§ **ASSIGNED TASK**
Could you return only the lines that run from the line with "I (introT andP" through the final line of the data, exactly as they stand?

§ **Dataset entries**
* * * * * * * * *

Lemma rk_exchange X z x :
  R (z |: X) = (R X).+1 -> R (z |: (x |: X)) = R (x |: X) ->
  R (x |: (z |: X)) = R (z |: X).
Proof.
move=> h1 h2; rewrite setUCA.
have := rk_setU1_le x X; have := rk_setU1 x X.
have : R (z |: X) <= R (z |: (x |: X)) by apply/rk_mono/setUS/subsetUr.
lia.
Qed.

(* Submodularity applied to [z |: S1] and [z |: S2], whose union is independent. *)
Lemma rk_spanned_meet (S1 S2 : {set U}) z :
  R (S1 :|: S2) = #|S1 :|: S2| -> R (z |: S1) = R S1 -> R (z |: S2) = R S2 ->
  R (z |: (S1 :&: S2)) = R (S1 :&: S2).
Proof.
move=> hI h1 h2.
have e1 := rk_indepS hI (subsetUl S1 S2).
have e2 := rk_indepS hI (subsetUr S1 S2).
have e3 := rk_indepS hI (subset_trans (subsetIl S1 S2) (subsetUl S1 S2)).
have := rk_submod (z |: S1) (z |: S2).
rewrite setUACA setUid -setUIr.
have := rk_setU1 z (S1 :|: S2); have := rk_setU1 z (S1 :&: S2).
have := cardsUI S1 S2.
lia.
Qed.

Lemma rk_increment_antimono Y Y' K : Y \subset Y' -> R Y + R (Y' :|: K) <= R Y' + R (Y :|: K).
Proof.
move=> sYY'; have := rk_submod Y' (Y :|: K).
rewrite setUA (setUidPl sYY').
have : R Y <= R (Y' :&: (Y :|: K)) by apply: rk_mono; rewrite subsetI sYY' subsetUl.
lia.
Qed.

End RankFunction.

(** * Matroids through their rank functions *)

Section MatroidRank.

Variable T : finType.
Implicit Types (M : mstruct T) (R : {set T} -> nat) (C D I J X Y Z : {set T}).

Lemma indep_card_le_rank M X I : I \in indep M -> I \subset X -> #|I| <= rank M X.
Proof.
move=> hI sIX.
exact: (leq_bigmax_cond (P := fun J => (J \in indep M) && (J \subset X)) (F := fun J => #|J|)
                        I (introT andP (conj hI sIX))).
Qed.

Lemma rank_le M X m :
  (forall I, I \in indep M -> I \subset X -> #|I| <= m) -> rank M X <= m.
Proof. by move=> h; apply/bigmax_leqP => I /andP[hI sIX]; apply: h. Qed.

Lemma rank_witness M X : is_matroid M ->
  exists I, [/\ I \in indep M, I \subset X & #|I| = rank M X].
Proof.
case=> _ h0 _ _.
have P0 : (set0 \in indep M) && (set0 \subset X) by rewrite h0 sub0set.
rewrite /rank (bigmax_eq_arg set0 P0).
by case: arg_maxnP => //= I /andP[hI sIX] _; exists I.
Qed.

* * * * * * * * *

§ **FINISHED EXERCISE**
                        I (introT andP (conj hI sIX))).
Qed.

Lemma rank_le M X m :
  (forall I, I \in indep M -> I \subset X -> #|I| <= m) -> rank M X <= m.
Proof. by move=> h; apply/bigmax_leqP => I /andP[hI sIX]; apply: h. Qed.

Lemma rank_witness M X : is_matroid M ->
  exists I, [/\ I \in indep M, I \subset X & #|I| = rank M X].
Proof.
case=> _ h0 _ _.
have P0 : (set0 \in indep M) && (set0 \subset X) by rewrite h0 sub0set.
rewrite /rank (bigmax_eq_arg set0 P0).
by case: arg_maxnP => //= I /andP[hI sIX] _; exists I.
Qed.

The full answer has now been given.